Mercedes team principal Toto Wolff has admitted he always had faith that Lewis Hamilton would be back to avenge last year’s defeat to Max Verstappen.
After the controversial 2021 Formula 1 World Championship finale Abu Dhabi Grand Prix, Mercedes lodged a protest in the wake of a chaotic race which they felt was “stolen” from them after it turned into a shambles under FIA Race Director Michael Masi.
Mercedes’ protest fell on deaf ears immediately after the race, and thereafter launched an appeal which they dropped the next week, but neither Wolff nor Hamilton attended the FIA Prize-giving, which the driver was obliged to do as per F1 rules.
Mercedes and Hamilton fans were outarged and to this day petition for the result to be reversed.
In December, after receiving his knighthood the week after Yas Marina, Hamilton went into silent mode while Wolff pushed the narrative that the seven time F1 world champion was considering his future in the sport.
The uncertainty spawning BS rumours of Aston Matin’s Sebastian Vettel being considered to replace the Briton and even ‘stories’ about Nyck de Vries going “for a seat fitting” at Brackley!
Nevertheless, the “will-he-or-won’t-he-return” script continued regarding Lewis’ future with Wolff, inadvertently or not, fuelling speculation when he told Speedweek: “I very much hope that we will see him again. He is the most important part of our sport. It would be a disgrace for the whole of Formula 1 if the best driver decided to quit because of outrageous decisions.”
However, today speaking to BBC Radio 4 on the occasion of the team’s 2022 Mercedes W13 launch, Wolff admitted no concrens about Hamilton returning or not: “I was never worried – although you have to respect the driver is disillusioned after such an event.
“We all were disillusioned because the stopwatch never lies and Lewis was clearly the best guy on track in Abu Dhabi, dominating the race, and then it is taken away by a single individual against all the rules so to digest that is very difficult.”
Wolff: The role of a Formula 1 race director is not easy
He continued: “Like all of us, there was an initial shock. We have never seen anything like that so he had to walk away, and free his mind and think about something else, and start to work on those events and find a solution.

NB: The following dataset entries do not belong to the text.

Fixpoint all_some (l : list (option nat)) : option (list nat) :=
  match l with
  | [] => Some []
  | o :: l' =>
      match o, all_some l' with Some w, Some ws => Some (w :: ws) | _, _ => None end
  end.

Fixpoint prim_iter (b : option nat) (st : nat -> nat -> option nat) (n : nat) : option nat :=
  match n with
  | 0 => b
  | S n' => match prim_iter b st n' with Some z => st n' z | None => None end
  end.

(* State of the search for the least zero of [F] after testing [0, ..., j-1]:
   [0] while every tested value is [Some (S _)], [1] once some test diverged,
   [S (S m)] once the least zero [m] has been found. *)
Fixpoint mu_state (F : nat -> option nat) (j : nat) : nat :=
  match j with
  | 0 => 0
  | S j' =>
      match mu_state F j' with
      | 0 => match F j' with None => 1 | Some 0 => S (S j') | Some (S _) => 0 end
      | a => a
      end
  end.

(* Evaluation in which every unbounded search only inspects candidates below [s]. *)
Fixpoint eval_fuel (s : nat) (c : code) (v : list nat) {struct c} : option nat :=
  match c with
  | CZero => Some 0
  | CSucc => Some (S (hd 0 v))
  | CProj i => Some (nth i v 0)
  | CComp f gs =>
      match all_some (map (fun g => eval_fuel s g v) gs) with
      | Some ws => eval_fuel s f ws
      | None => None
      end
  | CPrim f g =>
      match v with
      | [] => None
      | n :: v' => prim_iter (eval_fuel s f v') (fun k z => eval_fuel s g (k :: z :: v')) n
      end
  | CMu f =>
      match mu_state (fun m => eval_fuel s f (m :: v)) s with
      | S (S m) => Some m
      | _ => None
      end
  end.

Lemma mu_state_searching F j :
  (forall m, m < j -> exists k, F m = Some (S k)) -> mu_state F j = 0.
Proof.
  induction j; intros H; simpl; [reflexivity|].
  rewrite IHj by (intros; apply H; lia).
  destruct (H j) as [k ->]; [lia | reflexivity].
Qed.

Lemma mu_state_found F j m : m < j -> F m = Some 0 ->
  (forall m', m' < m -> exists k, F m' = Some (S k)) -> mu_state F j = S (S m).
Proof.
  induction j; intros Hm Fm H; [lia|]. simpl.
  destruct (Nat.eq_dec m j) as [->|].
  - now rewrite mu_state_searching, Fm.
  - now rewrite IHj by (auto; lia).
Qed.

Lemma mu_state_searching_inv F j : mu_state F j = 0 ->
  forall m, m < j -> exists k, F m = Some (S k).
Proof.
  induction j; simpl; intros E m Hm; [lia|].
  destruct (mu_state F j) eqn:E'; [|discriminate].
  destruct (F j) as [[|k]|] eqn:Fj; try discriminate.
  destruct (Nat.eq_dec m j) as [->|]; [eauto | apply IHj; auto; lia].
Qed.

On Radio 5 Wolff added that “it’s not something we will ever in a way recover from” and denied Hamilton’s returnwas conditional on Masi being removed from the role of Race Director.
Asked if he was worried, the Mercedes boss said: “I have known Lewis for such a long time and I wasn’t [worried] but obviously this has had such an impact on him when everything about it was about fairness and justice and when that happens to you it is quite difficult to, I understand, to cope with that.”
Also from the launch Reuters report that FIA President Mohammed Ben Sulayem, unveiled a raft of changes to the sport’s refereeing procedures on Thursday.
These included the appointment of the experienced Niels Wittich and Eduardo Freitas to serve as alternating race directors, the setting up of a virtual race control room and a review of procedures governing how cars running a lap down unlap themselves behind the safety car.
F1 stalwart Herbie Blash is also set to return as a permanent senior advisor to the new race directors while broadcast of radio communication between teams and drivers will also be banned.
On the subject, Wolff commented: “Certainly the role of a race director is not easy. Now, with having two very experienced guys up there, that is good but the support structure that has been built around them is essential.